◆ Stored data entries ◆
=== Section Start ===

(* (i) => (ii): the set K of distinguishable net points realises
   M*, both covering numbers and M-hat. *)
Lemma ultrametric_cardinals : ultrametric d ->
  forall (W : X -> Prop) (eps : R), 0 < eps ->
    exists K : X -> Prop,
      Mstar_val d eps W K /\ Nhat_val d eps (fun _ => True) W K /\
      Nhat_val d eps W W K /\ Mhat_val d eps W K.
Proof.
  intros Hu W eps Heps.
  destruct (distinguishable_net_exists X d Hd Hu eps W) as [K [HKW [HKd HKn]]]; [lra|].
  assert (HK_le_nets : forall C, is_net d eps W C -> card_le K C)
    by (intros C; exact (distinguishable_le_net X d Hd Hu eps W K C HKW HKd)).
  exists K. split; [split|split; [|split]].
  - intros A HAW HA. exact (distinguishable_le_net X d Hd Hu eps W A K HAW HA HKn).
  - intros U K' HK'. exact (HK' K HKW HKd).
  - exists K. split; [intros x _; exact I|split; [exact HKn|split; [|apply card_eq_refl]]].
    intros C _ HC. exact (HK_le_nets C HC).
  - exists K. split; [exact HKW|split; [exact HKn|split; [|apply card_eq_refl]]].
    intros C _ HC. exact (HK_le_nets C HC).
  - exists K. split; [apply distinguishable_net_maximal; assumption|split; [|apply card_eq_refl]].
    intros A HA. apply HK_le_nets.
    apply (maximal_distinguishable_net X d Hd); [lra|exact HA].
Qed.

(* (ii) => (i): on a non-ultrametric triple, the minimal net is no larger
   than {z}, yet the distinguishable pair {x, y} must inject into it. *)
Lemma cardinals_ultrametric :
  (forall (W : X -> Prop) (eps : R), 0 < eps ->
    exists K : X -> Prop,
      Mstar_val d eps W K /\ Nhat_val d eps (fun _ => True) W K /\
      Nhat_val d eps W W K /\ Mhat_val d eps W K) ->
  ultrametric d.
Proof.
  intro H. apply NNPP. intro Hn.
  destruct (not_ultrametric_triple X d Hd Hn) as [x [y [z [Hxy [Hpos Hlt]]]]].
  destruct (H (fun w => In w [x; y; z]) _ Hpos)
    as [K [[HKbound _] [_ [[C [_ [_ [HCmin HCK]]]] _]]]].
  assert (HK1 : subsingleton K).
  { apply (card_eq_subsingleton C K HCK).
    apply (card_le_subsingleton C (fun c => In c [z])).
    - apply HCmin; [intros c [<-|[]]; simpl; auto|apply triple_net, Hd].
    - intros a b [<-|[]] [<-|[]]; reflexivity. }
  apply Hxy. apply (card_le_subsingleton (fun w => In w [x; y]) K); [|exact HK1|left; reflexivity|right; left; reflexivity].
  apply HKbound; [intros w [<-|[<-|[]]]; simpl; auto|].
  apply (pair_distinguishable X d Hd), Hlt.
Qed.

(* (i) => (iii): a finite ball cover of the compact W yields a finite
   distinguishable net L, whose length is both N_eps(W) and M_eps(W). *)
Lemma ultrametric_cov_pack : ultrametric d ->
  forall (W : X -> Prop) (eps : R), m_compact d W -> 0 < eps ->
    exists n : nat, cov_num d eps W n /\ pack_num d eps W n.
Proof.
  intros Hu W eps Hc Heps.
  destruct (Hc X (fun c => cball d c eps)) as [l Hl].
  - intro c. exact (cball_open X d Hu c eps Heps).
  - intros w Hw. exists w. unfold cball. rewrite (dist_refl X d Hd). lra.
  - destruct (finite_distinguishable_net X d Hd Hu eps W l) as [L [HN [HLW [HLd HLcov]]]].
    assert (HLn : is_net d eps W (fun c => In c L)).
    { intros w Hw. apply HLcov; [exact Hw|apply Hl, Hw]. }
    exists (length L). repeat split.
    + exists L. auto.
    + intros l' _ _ Hl'. apply card_le_length; [exact HN|].
      exact (distinguishable_le_net X d Hd Hu eps W _ _ HLW HLd Hl').
    + exists L. auto.
    + intros l' HN' Hl'W Hl'd. apply card_le_length; [exact HN'|].
      exact (distinguishable_le_net X d Hd Hu eps W _ _ Hl'W Hl'd HLn).
Qed.

(* (iii) => (i): on a non-ultrametric triple, N_eps <= 1 < 2 <= M_eps. *)
Lemma cov_pack_ultrametric :
  (forall (W : X -> Prop) (eps : R), m_compact d W -> 0 < eps ->
    exists n : nat, cov_num d eps W n /\ pack_num d eps W n) ->
  ultrametric d.
Proof.
  intro H. apply NNPP. intro Hn.
  destruct (not_ultrametric_triple X d Hd Hn) as [x [y [z [Hxy [Hpos Hlt]]]]].
  destruct (H _ _ (list_compact X d [x; y; z]) Hpos) as [n [[_ Hcov] [_ Hpack]]].
  assert (n <= 1)%nat.
  { apply (Hcov [z]); [constructor; [intros []|constructor]| |apply triple_net, Hd].
    intros w [<-|[]]. simpl; auto. }
  assert (2 <= n)%nat.
  { apply (Hpack [x; y]).
    - constructor; [intros [Heq|[]]; congruence|constructor; [intros []|constructor]].
    - intros w [<-|[<-|[]]]; simpl; auto.
    - apply (pair_distinguishable X d Hd), Hlt. }
  lia.
Qed.

End Equivalences.

Theorem theorem2p9 (X : Type) (d : X -> X -> R) (Hd : is_metric d) :
  (ultrametric d <->
   (forall (W : X -> Prop) (eps : R), 0 < eps ->
      exists K : X -> Prop,
        Mstar_val d eps W K /\
        Nhat_val d eps (fun _ => True) W K /\
        Nhat_val d eps W W K /\
        Mhat_val d eps W K)) /\
  (ultrametric d <->
   (forall (W : X -> Prop) (eps : R), m_compact d W -> 0 < eps ->
      exists n : nat, cov_num d eps W n /\ pack_num d eps W n)).
Proof.
  split; split.
  - exact (ultrametric_cardinals X d Hd).
  - exact (cardinals_ultrametric X d Hd).
  - exact (ultrametric_cov_pack X d Hd).
  - exact (cov_pack_ultrametric X d Hd).
Qed.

=== Section End ===

Copy the data above in full, exactly as it reads.

(* (i) => (ii): the set K of distinguishable net points realises
   M*, both covering numbers and M-hat. *)
Lemma ultrametric_cardinals : ultrametric d ->
  forall (W : X -> Prop) (eps : R), 0 < eps ->
    exists K : X -> Prop,
      Mstar_val d eps W K /\ Nhat_val d eps (fun _ => True) W K /\
      Nhat_val d eps W W K /\ Mhat_val d eps W K.
Proof.
  intros Hu W eps Heps.
  destruct (distinguishable_net_exists X d Hd Hu eps W) as [K [HKW [HKd HKn]]]; [lra|].
  assert (HK_le_nets : forall C, is_net d eps W C -> card_le K C)
    by (intros C; exact (distinguishable_le_net X d Hd Hu eps W K C HKW HKd)).
  exists K. split; [split|split; [|split]].
  - intros A HAW HA. exact (distinguishable_le_net X d Hd Hu eps W A K HAW HA HKn).
  - intros U K' HK'. exact (HK' K HKW HKd).
  - exists K. split; [intros x _; exact I|split; [exact HKn|split; [|apply card_eq_refl]]].
    intros C _ HC. exact (HK_le_nets C HC).
  - exists K. split; [exact HKW|split; [exact HKn|split; [|apply card_eq_refl]]].
    intros C _ HC. exact (HK_le_nets C HC).
  - exists K. split; [apply distinguishable_net_maximal; assumption|split; [|apply card_eq_refl]].
    intros A HA. apply HK_le_nets.
    apply (maximal_distinguishable_net X d Hd); [lra|exact HA].
Qed.

(* (ii) => (i): on a non-ultrametric triple, the minimal net is no larger
   than {z}, yet the distinguishable pair {x, y} must inject into it. *)
Lemma cardinals_ultrametric :
  (forall (W : X -> Prop) (eps : R), 0 < eps ->
    exists K : X -> Prop,
      Mstar_val d eps W K /\ Nhat_val d eps (fun _ => True) W K /\
      Nhat_val d eps W W K /\ Mhat_val d eps W K) ->
  ultrametric d.
Proof.
  intro H. apply NNPP. intro Hn.
  destruct (not_ultrametric_triple X d Hd Hn) as [x [y [z [Hxy [Hpos Hlt]]]]].
  destruct (H (fun w => In w [x; y; z]) _ Hpos)
    as [K [[HKbound _] [_ [[C [_ [_ [HCmin HCK]]]] _]]]].
  assert (HK1 : subsingleton K).
  { apply (card_eq_subsingleton C K HCK).
    apply (card_le_subsingleton C (fun c => In c [z])).
    - apply HCmin; [intros c [<-|[]]; simpl; auto|apply triple_net, Hd].
    - intros a b [<-|[]] [<-|[]]; reflexivity. }
  apply Hxy. apply (card_le_subsingleton (fun w => In w [x; y]) K); [|exact HK1|left; reflexivity|right; left; reflexivity].
  apply HKbound; [intros w [<-|[<-|[]]]; simpl; auto|].
  apply (pair_distinguishable X d Hd), Hlt.
Qed.

(* (i) => (iii): a finite ball cover of the compact W yields a finite
   distinguishable net L, whose length is both N_eps(W) and M_eps(W). *)
Lemma ultrametric_cov_pack : ultrametric d ->
  forall (W : X -> Prop) (eps : R), m_compact d W -> 0 < eps ->
    exists n : nat, cov_num d eps W n /\ pack_num d eps W n.
Proof.
  intros Hu W eps Hc Heps.
  destruct (Hc X (fun c => cball d c eps)) as [l Hl].
  - intro c. exact (cball_open X d Hu c eps Heps).
  - intros w Hw. exists w. unfold cball. rewrite (dist_refl X d Hd). lra.
  - destruct (finite_distinguishable_net X d Hd Hu eps W l) as [L [HN [HLW [HLd HLcov]]]].
    assert (HLn : is_net d eps W (fun c => In c L)).
    { intros w Hw. apply HLcov; [exact Hw|apply Hl, Hw]. }
    exists (length L). repeat split.
    + exists L. auto.
    + intros l' _ _ Hl'. apply card_le_length; [exact HN|].
      exact (distinguishable_le_net X d Hd Hu eps W _ _ HLW HLd Hl').
    + exists L. auto.
    + intros l' HN' Hl'W Hl'd. apply card_le_length; [exact HN'|].
      exact (distinguishable_le_net X d Hd Hu eps W _ _ Hl'W Hl'd HLn).
Qed.

(* (iii) => (i): on a non-ultrametric triple, N_eps <= 1 < 2 <= M_eps. *)
Lemma cov_pack_ultrametric :
  (forall (W : X -> Prop) (eps : R), m_compact d W -> 0 < eps ->
    exists n : nat, cov_num d eps W n /\ pack_num d eps W n) ->
  ultrametric d.
Proof.
  intro H. apply NNPP. intro Hn.
  destruct (not_ultrametric_triple X d Hd Hn) as [x [y [z [Hxy [Hpos Hlt]]]]].
  destruct (H _ _ (list_compact X d [x; y; z]) Hpos) as [n [[_ Hcov] [_ Hpack]]].
  assert (n <= 1)%nat.
  { apply (Hcov [z]); [constructor; [intros []|constructor]| |apply triple_net, Hd].
    intros w [<-|[]]. simpl; auto. }
  assert (2 <= n)%nat.
  { apply (Hpack [x; y]).
    - constructor; [intros [Heq|[]]; congruence|constructor; [intros []|constructor]].
    - intros w [<-|[<-|[]]]; simpl; auto.
    - apply (pair_distinguishable X d Hd), Hlt. }
  lia.
Qed.

End Equivalences.

Theorem theorem2p9 (X : Type) (d : X -> X -> R) (Hd : is_metric d) :
  (ultrametric d <->
   (forall (W : X -> Prop) (eps : R), 0 < eps ->
      exists K : X -> Prop,
        Mstar_val d eps W K /\
        Nhat_val d eps (fun _ => True) W K /\
        Nhat_val d eps W W K /\
        Mhat_val d eps W K)) /\
  (ultrametric d <->
   (forall (W : X -> Prop) (eps : R), m_compact d W -> 0 < eps ->
      exists n : nat, cov_num d eps W n /\ pack_num d eps W n)).
Proof.
  split; split.
  - exact (ultrametric_cardinals X d Hd).
  - exact (cardinals_ultrametric X d Hd).
  - exact (ultrametric_cov_pack X d Hd).
  - exact (cov_pack_ultrametric X d Hd).
Qed.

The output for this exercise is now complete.